**WHAT IS EXPECTED**
Select and copy out every line in the records containing "homT".

Saved entries:
== Segment start ==

(* For every countably infinite graph $G$ the following are equivalent: (i) for every nontrivial ideal $\mathcal{I}$ on $\mathbb{N}$, $G$ is $\mathcal{I}^+$-Ramsey; (ii) in the Rado coloring of $K_\mathbb{N}$ there is a monochromatic copy of $G$ whose vertex set belongs to $\mathrm{nwd}^+$; (iii) $G$ is finitely ruled, i.e. there is a finite set $S\subseteq V(G)$ such that $G-S$ has no finite dominating set.
   Context: $\mathbb{N}=\{1,2,\dots\}$ and $K_\mathbb{N}$ is the complete graph on $\mathbb{N}$; a copy of $G$ is a subgraph isomorphic to $G$, monochromatic if all its edges have the same color. An ideal on $\mathbb{N}$ is a family $\mathcal{I}$ of subsets closed under subsets and finite unions; it is nontrivial if $\mathbb{N}\notin\mathcal{I}$ and $\mathcal{I}$ contains all finite subsets of $\mathbb{N}$. $\mathcal{I}^+=\mathcal{P}(\mathbb{N})\setminus\mathcal{I}$. $G$ is $\mathcal{I}^+$-Ramsey if for every finite coloring of the edges of $K_\mathbb{N}$ there is a monochromatic copy of $G$ whose vertex set lies in $\mathcal{I}^+$. The Rado coloring $\rho$ assigns to the edge $\{s,t\}$ with $s<t$ the $s$-th bit (counting from the least significant bit, which is the 1st) of the binary expansion of $t$. The truncated binary expansion of $n$ is its binary expansion with the leading 1 removed. For $s,t\in\mathbb{N}$, $t$ extends $s$ if $s\le t$ and the truncated binary expansion of $s$ is a terminal (least-significant) segment of the truncated binary expansion of $t$; $\langle s\rangle$ is the set of $t$ extending $s$. $\mathrm{nwd}$ is the ideal of all $A\subseteq\mathbb{N}$ such that for every $s\in\mathbb{N}$ there is $t$ extending $s$ with $A\cap\langle t\rangle=\emptyset$, and $\mathrm{nwd}^+=\mathcal{P}(\mathbb{N})\setminus\mathrm{nwd}$. A set $X\subseteq V(G)$ is dominating if every vertex outside $X$ has a neighbor in $X$. *)

(* The set N = {1,2,...} is represented by Stdlib's [positive]
   (binary, least-significant bit first), so binary expansions are native. *)
From Stdlib Require Import PArith NArith List.
Import ListNotations.
Open Scope positive_scope.

Definition pset := positive -> Prop.

Definition finite_pset (A : pset) : Prop :=
  exists l : list positive, forall x, A x -> In x l.

Definition is_ideal (I : pset -> Prop) : Prop :=
  (forall A B : pset, (forall x, A x -> B x) -> I B -> I A) /\
  (forall A B : pset, I A -> I B -> I (fun x => A x \/ B x)).

Definition nontrivial_ideal (I : pset -> Prop) : Prop :=
  is_ideal I /\ ~ I (fun _ => True) /\ (forall A, finite_pset A -> I A).

Definition positive_set (I : pset -> Prop) (A : pset) : Prop := ~ I A.

Definition simple_graph {V : Type} (adj : V -> V -> Prop) : Prop :=
  (forall u v, adj u v -> adj v u) /\ (forall v, ~ adj v v).

Definition countably_infinite (V : Type) : Prop :=
  exists e : nat -> V, (forall m n, e m = e n -> m = n) /\ (forall v, exists n, e n = v).

(* A copy of G in K_N is given by an injective map f : V -> N (the subgraph
   with vertex set f(V) and edges {f u, f v} for adj u v).  Its vertex set: *)
Definition vertex_set {V : Type} (f : V -> positive) : pset :=
  fun n => exists v, f v = n.

(* a finite edge colouring of K_N with k colours: a symmetric colour function
   (the value on the diagonal is irrelevant) *)
Definition finite_coloring (k : nat) (c : positive -> positive -> nat) : Prop :=
  (forall s t, s <> t -> (c s t < k)%nat) /\ (forall s t, c s t = c t s).

Definition mono_copy {V C : Type} (adj : V -> V -> Prop)
    (c : positive -> positive -> C) (f : V -> positive) : Prop :=
  (forall u v, f u = f v -> u = v) /\
  exists col : C, forall u v, adj u v -> c (f u) (f v) = col.

Definition IplusRamsey {V : Type} (adj : V -> V -> Prop) (I : pset -> Prop) : Prop :=
  forall (k : nat) (c : positive -> positive -> nat), finite_coloring k c ->
    exists f : V -> positive, mono_copy adj c f /\ positive_set I (vertex_set f).

(* Rado colouring: for s < t, the s-th bit of t (1st = least significant),
   i.e. bit with index s-1 *)
Definition rado (s t : positive) : bool :=
  if s <? t then Pos.testbit t (Pos.pred_N s)
  else Pos.testbit s (Pos.pred_N t).

Fixpoint trunc_bin (p : positive) : list bool :=
  match p with
  | xH => []
  | xO q => false :: trunc_bin q
  | xI q => true :: trunc_bin q
  end.

Definition extends (s t : positive) : Prop :=
  s <= t /\ exists l, trunc_bin t = trunc_bin s ++ l.

Definition cone (s : positive) : pset := fun t => extends s t.

Definition nwd (A : pset) : Prop :=
  forall s, exists t, extends s t /\ (forall x, A x -> cone t x -> False).

Definition nwd_plus (A : pset) : Prop := ~ nwd A.

Definition finitely_ruled {V : Type} (adj : V -> V -> Prop) : Prop :=
  exists S : list V,
    forall X : list V, (forall x, In x X -> ~ In x S) ->
      exists v, ~ In v S /\ ~ In v X /\ (forall x, In x X -> ~ adj v x).

(* (i) => (ii) is immediate since nwd is a nontrivial ideal.
   (ii) => (iii): the image of the copy is dense in the cone above some word s;
   the finite set consists of the vertices with images at most |s| + 1, and a
   vertex whose image extends s padded with a long block of the wrong colour has
   no neighbour in a given finite set X of other vertices.
   (iii) => (i): extend the dual filter of I to an ultrafilter U (via the
   ultrafilter lemma of mathcomp-analysis), pick a colour i0 such that U-almost
   every point sees U-almost every point in colour i0, and build the copy by a
   back-and-forth construction: forth steps place every vertex, back steps give
   a preimage to every point of a U-large set, using that G - S has no finite
   dominating set.  The image then contains a U-large set, so it is I-positive. *)
From Stdlib Require Import PArith NArith Arith List Lia Classical ClassicalEpsilon.
From mathcomp Require classical_sets filter.
Import ListNotations.
Local Open Scope nat_scope.

Record ultrafilter {T : Type} (U : (T -> Prop) -> Prop) : Prop := {
  uf_inter : forall A B, U A -> U B -> U (fun x => A x /\ B x);
  uf_superset : forall A B, (forall x, A x -> B x) -> U A -> U B;
  uf_proper : ~ U (fun _ => False);
  uf_ultra : forall A, U A \/ U (fun x => ~ A x)
}.
Arguments uf_inter {T U}.
Arguments uf_superset {T U}.
Arguments uf_proper {T U}.
Arguments uf_ultra {T U}.

Module UltrafilterExistence.
Import classical_sets filter.

Lemma ideal_dual_ultrafilter (Id : pset -> Prop) : nontrivial_ideal Id ->
  exists U, ultrafilter U /\ forall A, Id A -> U (fun x => ~ A x).
Proof.
  intros [[Isub Iunion] [Ifull Ifin]].
  set (F := fun A : pset => Id (fun x => ~ A x)).
  assert (FF : ProperFilter F).
  { apply Build_ProperFilter.
    - intros H. apply Ifull. revert H. apply Isub. intros x _ Hx. exact Hx.
    - split.
      + apply Ifin. exists nil. intros x H. apply H. exact I.
      + intros A B HA HB. refine (Isub _ _ _ (Iunion _ _ HA HB)).
        intros x Hx. destruct (classic (A x)) as [Ax|Ax]; [right|left]; auto.
        intros Bx. apply Hx. split; auto.
      + intros A B AB HA. refine (Isub _ _ _ HA).
        intros x Hx Ax. apply Hx, AB, Ax. }
  destruct (ultraFilterLemma FF) as [G [GU FG]].
  assert (GP : ProperFilter G) by (destruct GU; auto).
  exists G. split; [split|].
  - intros A B. exact (@filterI _ G _ A B).
  - intros A B AB. exact (filterS (F := G) AB).
  - exact (filter_not_empty G).
  - intros A. exact (in_ultra_setVsetC A GU).
  - intros A IdA. apply FG. apply (Isub _ _ (fun x H => NNPP _ H) IdA).
Qed.
End UltrafilterExistence.
Theorem proposition3p6 (gT : finGroupType) (G : {group gT}) (p : nat) :
  prime p ->
  let X := pclasses G p in
  let r := @cls_rep gT in
  [/\ is_class_weighting G p (homT G)
        (fun CH => \sum_(CK in X) cmu G (r CH) (r CK))%R
    & euler_char_is G p (homT G)
        (\sum_(CK in X) - cmu1 G (r CK))%R] /\
  [/\ is_class_weighting G p (homL G p)
        (fun CH => \sum_(CK in X)
                     cmu G (r CH) (r CK) * (#|Oup p ('C_G(r CK))%G|)%:R)%R
    & euler_char_is G p (homL G p)
        (\sum_(CK in X) - cmu1 G (r CK) * (#|Oup p ('C_G(r CK))%G|)%:R)%R] /\
  [/\ is_class_weighting G p (homF G)
        (fun CH => \sum_(CK in X)
                     cmu G (r CH) (r CK) * (#|('C_G(r CK))%g|)%:R)%R
    & euler_char_is G p (homF G)
        (\sum_(CK in X) - cmu1 G (r CK) * (#|('C_G(r CK))%g|)%:R)%R] /\
  [/\ is_class_weighting G p (homO G)
        (fun CH => (#|r CH|)%:R * \sum_(CK in X) cmu G (r CH) (r CK))%R
    & euler_char_is G p (homO G)
        (\sum_(CH in X) \sum_(CK in X) (#|r CH|)%:R * cmu G (r CH) (r CK))%R].
Proof.
move=> _ /=; split; first exact: transporter_category_weighting.
split; first exact: linking_category_weighting.
by split; [exact: fusion_category_weighting | exact: orbit_category_weighting].
Qed.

== Segment end ==

**WRITTEN SOLUTION**
  [/\ is_class_weighting G p (homT G)
    & euler_char_is G p (homT G)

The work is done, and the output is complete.